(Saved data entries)
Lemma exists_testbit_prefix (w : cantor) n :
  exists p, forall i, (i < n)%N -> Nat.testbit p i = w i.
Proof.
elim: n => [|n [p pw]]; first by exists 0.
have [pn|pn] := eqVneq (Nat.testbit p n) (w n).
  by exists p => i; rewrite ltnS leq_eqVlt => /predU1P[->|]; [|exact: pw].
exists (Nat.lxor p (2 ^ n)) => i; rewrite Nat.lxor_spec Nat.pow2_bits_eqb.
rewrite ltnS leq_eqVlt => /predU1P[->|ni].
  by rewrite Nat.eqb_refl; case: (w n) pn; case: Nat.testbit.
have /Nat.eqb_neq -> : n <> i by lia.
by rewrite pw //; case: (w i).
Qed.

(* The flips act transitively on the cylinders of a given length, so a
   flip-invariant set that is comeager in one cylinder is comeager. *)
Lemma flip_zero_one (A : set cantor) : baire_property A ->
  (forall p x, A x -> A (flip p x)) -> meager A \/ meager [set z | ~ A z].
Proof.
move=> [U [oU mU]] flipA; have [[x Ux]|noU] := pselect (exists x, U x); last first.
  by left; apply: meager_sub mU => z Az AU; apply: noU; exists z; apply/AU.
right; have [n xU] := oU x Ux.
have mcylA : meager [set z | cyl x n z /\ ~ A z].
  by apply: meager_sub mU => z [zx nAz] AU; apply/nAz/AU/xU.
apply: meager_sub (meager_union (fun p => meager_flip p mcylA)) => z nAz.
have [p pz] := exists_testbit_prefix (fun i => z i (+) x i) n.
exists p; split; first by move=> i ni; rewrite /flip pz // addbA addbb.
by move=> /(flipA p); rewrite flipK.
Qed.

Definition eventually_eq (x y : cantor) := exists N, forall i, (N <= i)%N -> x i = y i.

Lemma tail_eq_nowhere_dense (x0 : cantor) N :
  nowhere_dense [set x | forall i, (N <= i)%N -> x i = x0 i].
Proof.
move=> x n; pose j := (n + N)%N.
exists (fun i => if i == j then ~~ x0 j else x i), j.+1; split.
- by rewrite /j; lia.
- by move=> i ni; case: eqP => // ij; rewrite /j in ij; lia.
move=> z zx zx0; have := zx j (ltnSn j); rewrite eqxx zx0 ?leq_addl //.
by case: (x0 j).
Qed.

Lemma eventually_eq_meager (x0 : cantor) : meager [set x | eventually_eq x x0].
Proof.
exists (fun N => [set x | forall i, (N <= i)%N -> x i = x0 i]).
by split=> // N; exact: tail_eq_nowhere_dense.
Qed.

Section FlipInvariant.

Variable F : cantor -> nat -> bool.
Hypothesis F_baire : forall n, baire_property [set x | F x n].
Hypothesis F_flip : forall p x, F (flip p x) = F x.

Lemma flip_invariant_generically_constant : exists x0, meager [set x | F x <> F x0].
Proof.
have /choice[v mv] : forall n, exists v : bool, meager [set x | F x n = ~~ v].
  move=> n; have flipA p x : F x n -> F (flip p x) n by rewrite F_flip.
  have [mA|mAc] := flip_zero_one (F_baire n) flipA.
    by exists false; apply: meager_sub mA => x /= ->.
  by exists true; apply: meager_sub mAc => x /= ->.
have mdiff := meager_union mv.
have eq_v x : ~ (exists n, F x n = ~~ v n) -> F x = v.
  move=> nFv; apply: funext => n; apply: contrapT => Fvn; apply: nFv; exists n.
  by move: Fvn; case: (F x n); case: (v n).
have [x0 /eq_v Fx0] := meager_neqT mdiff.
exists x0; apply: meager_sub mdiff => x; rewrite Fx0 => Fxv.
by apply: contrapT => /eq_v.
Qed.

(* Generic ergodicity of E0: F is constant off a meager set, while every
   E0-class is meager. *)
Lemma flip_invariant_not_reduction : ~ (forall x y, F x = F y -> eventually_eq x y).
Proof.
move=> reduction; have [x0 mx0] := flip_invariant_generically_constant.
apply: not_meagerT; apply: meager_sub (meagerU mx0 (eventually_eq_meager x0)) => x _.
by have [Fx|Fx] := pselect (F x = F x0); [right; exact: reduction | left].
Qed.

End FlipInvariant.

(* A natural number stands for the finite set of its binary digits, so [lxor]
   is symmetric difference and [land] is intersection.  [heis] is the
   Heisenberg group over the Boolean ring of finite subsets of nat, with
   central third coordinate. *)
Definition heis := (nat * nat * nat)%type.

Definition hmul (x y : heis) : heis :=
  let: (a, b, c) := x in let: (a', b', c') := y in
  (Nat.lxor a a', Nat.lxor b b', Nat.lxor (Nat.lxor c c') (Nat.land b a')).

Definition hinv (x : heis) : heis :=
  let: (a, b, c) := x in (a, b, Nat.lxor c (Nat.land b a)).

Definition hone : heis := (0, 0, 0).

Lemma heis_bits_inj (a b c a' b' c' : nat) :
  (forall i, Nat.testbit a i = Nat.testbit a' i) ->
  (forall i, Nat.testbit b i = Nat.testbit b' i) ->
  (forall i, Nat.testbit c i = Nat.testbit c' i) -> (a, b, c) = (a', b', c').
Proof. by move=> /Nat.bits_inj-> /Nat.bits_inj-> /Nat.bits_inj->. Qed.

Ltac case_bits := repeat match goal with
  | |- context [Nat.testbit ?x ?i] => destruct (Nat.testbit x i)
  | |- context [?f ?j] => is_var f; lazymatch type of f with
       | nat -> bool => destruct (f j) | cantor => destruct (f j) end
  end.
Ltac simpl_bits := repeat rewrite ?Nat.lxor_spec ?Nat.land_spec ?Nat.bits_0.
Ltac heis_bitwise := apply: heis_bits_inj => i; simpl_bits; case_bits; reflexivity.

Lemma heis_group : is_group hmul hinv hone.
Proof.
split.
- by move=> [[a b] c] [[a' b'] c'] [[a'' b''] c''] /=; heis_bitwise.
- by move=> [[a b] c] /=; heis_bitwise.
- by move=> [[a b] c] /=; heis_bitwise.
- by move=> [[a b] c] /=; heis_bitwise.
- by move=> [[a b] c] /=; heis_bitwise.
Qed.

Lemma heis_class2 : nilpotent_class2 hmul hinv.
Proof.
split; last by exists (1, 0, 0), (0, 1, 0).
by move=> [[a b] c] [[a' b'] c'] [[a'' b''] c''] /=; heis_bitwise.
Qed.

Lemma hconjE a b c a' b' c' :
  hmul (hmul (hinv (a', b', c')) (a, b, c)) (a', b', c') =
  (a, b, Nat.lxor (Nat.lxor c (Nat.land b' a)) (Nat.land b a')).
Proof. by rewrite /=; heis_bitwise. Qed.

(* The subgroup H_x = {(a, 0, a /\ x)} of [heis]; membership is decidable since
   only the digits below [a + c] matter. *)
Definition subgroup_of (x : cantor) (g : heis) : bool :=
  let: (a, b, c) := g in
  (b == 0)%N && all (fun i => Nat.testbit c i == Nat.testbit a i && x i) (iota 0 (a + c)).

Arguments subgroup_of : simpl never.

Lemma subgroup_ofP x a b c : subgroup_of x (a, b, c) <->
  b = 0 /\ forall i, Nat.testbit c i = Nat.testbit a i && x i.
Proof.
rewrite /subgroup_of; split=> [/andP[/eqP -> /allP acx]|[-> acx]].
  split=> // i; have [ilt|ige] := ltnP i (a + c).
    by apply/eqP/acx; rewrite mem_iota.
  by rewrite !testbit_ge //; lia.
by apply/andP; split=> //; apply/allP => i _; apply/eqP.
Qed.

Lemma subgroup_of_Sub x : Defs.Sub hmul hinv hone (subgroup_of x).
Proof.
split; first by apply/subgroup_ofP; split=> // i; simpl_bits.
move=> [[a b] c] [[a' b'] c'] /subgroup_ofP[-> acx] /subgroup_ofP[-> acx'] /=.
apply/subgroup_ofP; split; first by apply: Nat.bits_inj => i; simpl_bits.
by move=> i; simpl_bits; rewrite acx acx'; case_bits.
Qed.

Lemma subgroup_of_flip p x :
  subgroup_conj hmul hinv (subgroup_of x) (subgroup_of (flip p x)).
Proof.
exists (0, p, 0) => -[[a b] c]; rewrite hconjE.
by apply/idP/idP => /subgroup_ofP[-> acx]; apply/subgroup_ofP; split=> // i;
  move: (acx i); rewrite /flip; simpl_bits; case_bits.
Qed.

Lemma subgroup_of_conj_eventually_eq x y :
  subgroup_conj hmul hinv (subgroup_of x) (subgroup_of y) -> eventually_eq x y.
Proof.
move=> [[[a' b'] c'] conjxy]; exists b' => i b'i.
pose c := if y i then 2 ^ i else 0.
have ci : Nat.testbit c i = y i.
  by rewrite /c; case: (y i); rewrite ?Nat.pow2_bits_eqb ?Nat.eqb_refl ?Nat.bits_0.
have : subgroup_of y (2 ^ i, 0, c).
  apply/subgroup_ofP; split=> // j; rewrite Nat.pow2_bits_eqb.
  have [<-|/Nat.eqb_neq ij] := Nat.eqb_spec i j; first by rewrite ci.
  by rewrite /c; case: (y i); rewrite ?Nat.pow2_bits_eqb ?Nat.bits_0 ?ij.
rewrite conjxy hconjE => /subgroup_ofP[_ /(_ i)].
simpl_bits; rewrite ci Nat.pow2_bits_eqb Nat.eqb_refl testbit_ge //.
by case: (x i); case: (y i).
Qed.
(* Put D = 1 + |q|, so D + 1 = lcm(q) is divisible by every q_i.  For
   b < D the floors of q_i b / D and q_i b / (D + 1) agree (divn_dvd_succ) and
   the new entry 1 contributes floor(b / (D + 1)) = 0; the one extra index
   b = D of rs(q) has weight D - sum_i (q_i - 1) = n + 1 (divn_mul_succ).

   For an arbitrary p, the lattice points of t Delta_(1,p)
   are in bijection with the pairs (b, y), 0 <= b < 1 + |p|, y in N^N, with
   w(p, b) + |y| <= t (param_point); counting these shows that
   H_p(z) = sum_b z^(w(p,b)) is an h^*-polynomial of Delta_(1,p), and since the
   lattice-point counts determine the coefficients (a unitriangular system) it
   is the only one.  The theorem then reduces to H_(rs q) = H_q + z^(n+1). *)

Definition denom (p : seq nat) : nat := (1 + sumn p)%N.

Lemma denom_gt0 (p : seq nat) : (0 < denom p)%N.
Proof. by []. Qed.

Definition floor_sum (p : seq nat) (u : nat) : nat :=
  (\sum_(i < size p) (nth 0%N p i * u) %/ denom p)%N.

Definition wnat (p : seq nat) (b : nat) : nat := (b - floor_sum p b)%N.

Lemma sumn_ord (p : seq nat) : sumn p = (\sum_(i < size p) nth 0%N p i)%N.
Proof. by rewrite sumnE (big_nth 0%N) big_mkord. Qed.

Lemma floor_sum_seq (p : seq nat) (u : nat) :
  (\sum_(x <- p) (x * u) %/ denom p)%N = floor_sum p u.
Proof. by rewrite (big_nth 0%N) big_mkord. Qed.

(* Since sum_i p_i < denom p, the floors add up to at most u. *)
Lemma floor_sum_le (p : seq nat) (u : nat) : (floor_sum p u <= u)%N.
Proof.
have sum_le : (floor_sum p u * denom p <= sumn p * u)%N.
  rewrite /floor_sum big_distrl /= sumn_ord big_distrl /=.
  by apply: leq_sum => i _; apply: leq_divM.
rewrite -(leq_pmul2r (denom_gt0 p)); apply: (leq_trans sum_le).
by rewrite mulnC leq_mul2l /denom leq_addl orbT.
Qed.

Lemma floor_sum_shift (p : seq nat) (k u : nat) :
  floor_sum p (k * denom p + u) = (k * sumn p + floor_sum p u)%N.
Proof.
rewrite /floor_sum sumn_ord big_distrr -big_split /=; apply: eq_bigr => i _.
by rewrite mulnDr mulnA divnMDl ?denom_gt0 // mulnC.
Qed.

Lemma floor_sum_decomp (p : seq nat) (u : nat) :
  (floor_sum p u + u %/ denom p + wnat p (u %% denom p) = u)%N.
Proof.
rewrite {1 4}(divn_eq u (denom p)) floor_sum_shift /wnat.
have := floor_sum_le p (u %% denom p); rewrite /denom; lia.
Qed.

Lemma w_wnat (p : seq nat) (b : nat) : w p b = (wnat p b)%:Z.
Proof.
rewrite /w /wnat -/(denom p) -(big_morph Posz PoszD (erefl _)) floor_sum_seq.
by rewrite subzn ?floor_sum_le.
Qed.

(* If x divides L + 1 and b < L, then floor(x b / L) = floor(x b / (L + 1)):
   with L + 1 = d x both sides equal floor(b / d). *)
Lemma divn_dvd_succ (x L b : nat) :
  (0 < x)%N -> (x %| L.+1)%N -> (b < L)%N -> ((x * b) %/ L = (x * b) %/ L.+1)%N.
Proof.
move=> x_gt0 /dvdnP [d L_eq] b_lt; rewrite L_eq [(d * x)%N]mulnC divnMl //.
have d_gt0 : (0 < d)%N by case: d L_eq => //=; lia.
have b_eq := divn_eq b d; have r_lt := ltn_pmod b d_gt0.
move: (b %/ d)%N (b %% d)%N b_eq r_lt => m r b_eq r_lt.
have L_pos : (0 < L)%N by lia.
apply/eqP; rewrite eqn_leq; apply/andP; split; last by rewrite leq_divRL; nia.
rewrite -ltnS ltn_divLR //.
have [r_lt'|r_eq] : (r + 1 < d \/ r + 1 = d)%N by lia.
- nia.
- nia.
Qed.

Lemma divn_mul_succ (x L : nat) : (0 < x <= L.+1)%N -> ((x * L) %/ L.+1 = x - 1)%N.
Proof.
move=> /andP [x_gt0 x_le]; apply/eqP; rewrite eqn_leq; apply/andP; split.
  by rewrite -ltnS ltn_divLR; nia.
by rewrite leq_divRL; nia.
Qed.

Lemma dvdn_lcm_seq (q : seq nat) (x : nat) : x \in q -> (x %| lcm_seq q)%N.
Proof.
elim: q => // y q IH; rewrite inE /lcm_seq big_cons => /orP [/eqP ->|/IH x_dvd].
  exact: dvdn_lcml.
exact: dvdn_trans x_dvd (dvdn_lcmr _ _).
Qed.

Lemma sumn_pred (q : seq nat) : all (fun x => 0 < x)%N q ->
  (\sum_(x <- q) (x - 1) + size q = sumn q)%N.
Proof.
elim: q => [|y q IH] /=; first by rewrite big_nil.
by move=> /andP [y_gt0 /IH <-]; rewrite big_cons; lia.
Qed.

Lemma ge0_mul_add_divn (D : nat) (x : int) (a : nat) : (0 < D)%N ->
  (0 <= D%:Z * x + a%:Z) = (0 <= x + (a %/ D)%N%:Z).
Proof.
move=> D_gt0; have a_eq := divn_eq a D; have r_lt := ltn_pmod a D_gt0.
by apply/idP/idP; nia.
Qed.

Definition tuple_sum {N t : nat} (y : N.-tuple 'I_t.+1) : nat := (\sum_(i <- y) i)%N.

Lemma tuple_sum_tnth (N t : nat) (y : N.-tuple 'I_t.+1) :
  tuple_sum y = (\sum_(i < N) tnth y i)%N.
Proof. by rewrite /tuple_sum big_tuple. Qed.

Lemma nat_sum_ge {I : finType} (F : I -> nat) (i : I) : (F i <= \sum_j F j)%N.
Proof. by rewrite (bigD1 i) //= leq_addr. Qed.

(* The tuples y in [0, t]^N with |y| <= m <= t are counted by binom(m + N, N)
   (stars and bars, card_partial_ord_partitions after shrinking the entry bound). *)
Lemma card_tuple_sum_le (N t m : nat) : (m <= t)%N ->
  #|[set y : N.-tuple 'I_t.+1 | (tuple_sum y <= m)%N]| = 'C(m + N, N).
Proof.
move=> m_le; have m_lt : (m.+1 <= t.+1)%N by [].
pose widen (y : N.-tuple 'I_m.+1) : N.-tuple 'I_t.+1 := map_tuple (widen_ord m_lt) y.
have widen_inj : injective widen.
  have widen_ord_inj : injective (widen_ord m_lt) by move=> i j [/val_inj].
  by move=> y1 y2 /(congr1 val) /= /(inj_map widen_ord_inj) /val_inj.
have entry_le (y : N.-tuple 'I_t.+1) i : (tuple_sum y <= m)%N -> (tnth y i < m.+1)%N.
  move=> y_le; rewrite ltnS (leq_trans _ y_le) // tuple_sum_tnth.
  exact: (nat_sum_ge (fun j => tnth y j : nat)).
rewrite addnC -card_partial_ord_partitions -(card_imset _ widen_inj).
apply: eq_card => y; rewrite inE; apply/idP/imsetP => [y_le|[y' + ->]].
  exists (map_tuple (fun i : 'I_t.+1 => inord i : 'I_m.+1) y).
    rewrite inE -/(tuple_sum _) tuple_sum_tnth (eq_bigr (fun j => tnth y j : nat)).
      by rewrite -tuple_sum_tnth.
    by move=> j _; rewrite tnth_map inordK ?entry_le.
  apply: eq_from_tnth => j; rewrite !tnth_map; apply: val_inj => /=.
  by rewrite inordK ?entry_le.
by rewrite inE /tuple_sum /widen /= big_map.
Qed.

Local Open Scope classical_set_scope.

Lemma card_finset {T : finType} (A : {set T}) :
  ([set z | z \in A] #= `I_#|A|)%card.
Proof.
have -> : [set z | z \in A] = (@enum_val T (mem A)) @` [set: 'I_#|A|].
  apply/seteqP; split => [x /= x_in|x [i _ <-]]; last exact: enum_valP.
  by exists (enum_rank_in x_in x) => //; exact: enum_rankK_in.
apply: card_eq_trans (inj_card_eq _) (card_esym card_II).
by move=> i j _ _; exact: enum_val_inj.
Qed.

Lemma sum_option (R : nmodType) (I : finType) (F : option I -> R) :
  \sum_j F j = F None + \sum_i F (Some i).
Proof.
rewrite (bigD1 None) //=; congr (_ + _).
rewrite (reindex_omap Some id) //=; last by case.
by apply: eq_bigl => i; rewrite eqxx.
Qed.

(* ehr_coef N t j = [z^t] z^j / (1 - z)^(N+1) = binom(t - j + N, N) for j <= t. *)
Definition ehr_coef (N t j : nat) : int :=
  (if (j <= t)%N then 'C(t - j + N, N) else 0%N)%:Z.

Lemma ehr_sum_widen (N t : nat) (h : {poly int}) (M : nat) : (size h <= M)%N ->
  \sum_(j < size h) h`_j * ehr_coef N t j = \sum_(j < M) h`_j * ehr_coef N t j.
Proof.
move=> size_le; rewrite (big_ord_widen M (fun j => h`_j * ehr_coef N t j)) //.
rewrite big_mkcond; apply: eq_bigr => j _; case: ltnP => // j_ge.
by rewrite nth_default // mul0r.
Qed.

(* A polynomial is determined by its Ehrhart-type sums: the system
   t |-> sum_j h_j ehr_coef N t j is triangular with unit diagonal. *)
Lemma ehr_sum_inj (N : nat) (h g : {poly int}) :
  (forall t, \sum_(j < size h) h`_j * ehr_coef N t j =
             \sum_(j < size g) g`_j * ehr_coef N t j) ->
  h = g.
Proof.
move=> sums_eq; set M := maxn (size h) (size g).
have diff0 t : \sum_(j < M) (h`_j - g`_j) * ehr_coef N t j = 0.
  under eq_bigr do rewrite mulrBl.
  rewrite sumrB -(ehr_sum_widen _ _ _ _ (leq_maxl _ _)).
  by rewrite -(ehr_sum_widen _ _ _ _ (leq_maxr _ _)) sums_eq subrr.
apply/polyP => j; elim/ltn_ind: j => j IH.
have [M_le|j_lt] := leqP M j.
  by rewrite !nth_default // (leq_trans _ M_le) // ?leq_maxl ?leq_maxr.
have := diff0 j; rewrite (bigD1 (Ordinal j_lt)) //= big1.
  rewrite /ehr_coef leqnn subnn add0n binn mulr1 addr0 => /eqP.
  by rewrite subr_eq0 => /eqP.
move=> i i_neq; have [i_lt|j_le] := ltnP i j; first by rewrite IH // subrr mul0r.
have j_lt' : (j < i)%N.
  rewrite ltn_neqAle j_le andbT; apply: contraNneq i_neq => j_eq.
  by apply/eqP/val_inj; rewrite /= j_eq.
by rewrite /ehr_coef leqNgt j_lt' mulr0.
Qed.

**Activity:** Write out word for word only the lines from the start of the entries down to the line with "apply: meager_sub (meager_union", please, including both ends.

**Written response:**
Lemma exists_testbit_prefix (w : cantor) n :
  exists p, forall i, (i < n)%N -> Nat.testbit p i = w i.
Proof.
elim: n => [|n [p pw]]; first by exists 0.
have [pn|pn] := eqVneq (Nat.testbit p n) (w n).
  by exists p => i; rewrite ltnS leq_eqVlt => /predU1P[->|]; [|exact: pw].
exists (Nat.lxor p (2 ^ n)) => i; rewrite Nat.lxor_spec Nat.pow2_bits_eqb.
rewrite ltnS leq_eqVlt => /predU1P[->|ni].
  by rewrite Nat.eqb_refl; case: (w n) pn; case: Nat.testbit.
have /Nat.eqb_neq -> : n <> i by lia.
by rewrite pw //; case: (w i).
Qed.

(* The flips act transitively on the cylinders of a given length, so a
   flip-invariant set that is comeager in one cylinder is comeager. *)
Lemma flip_zero_one (A : set cantor) : baire_property A ->
  (forall p x, A x -> A (flip p x)) -> meager A \/ meager [set z | ~ A z].
Proof.
move=> [U [oU mU]] flipA; have [[x Ux]|noU] := pselect (exists x, U x); last first.
  by left; apply: meager_sub mU => z Az AU; apply: noU; exists z; apply/AU.
right; have [n xU] := oU x Ux.
have mcylA : meager [set z | cyl x n z /\ ~ A z].
  by apply: meager_sub mU => z [zx nAz] AU; apply/nAz/AU/xU.
apply: meager_sub (meager_union (fun p => meager_flip p mcylA)) => z nAz.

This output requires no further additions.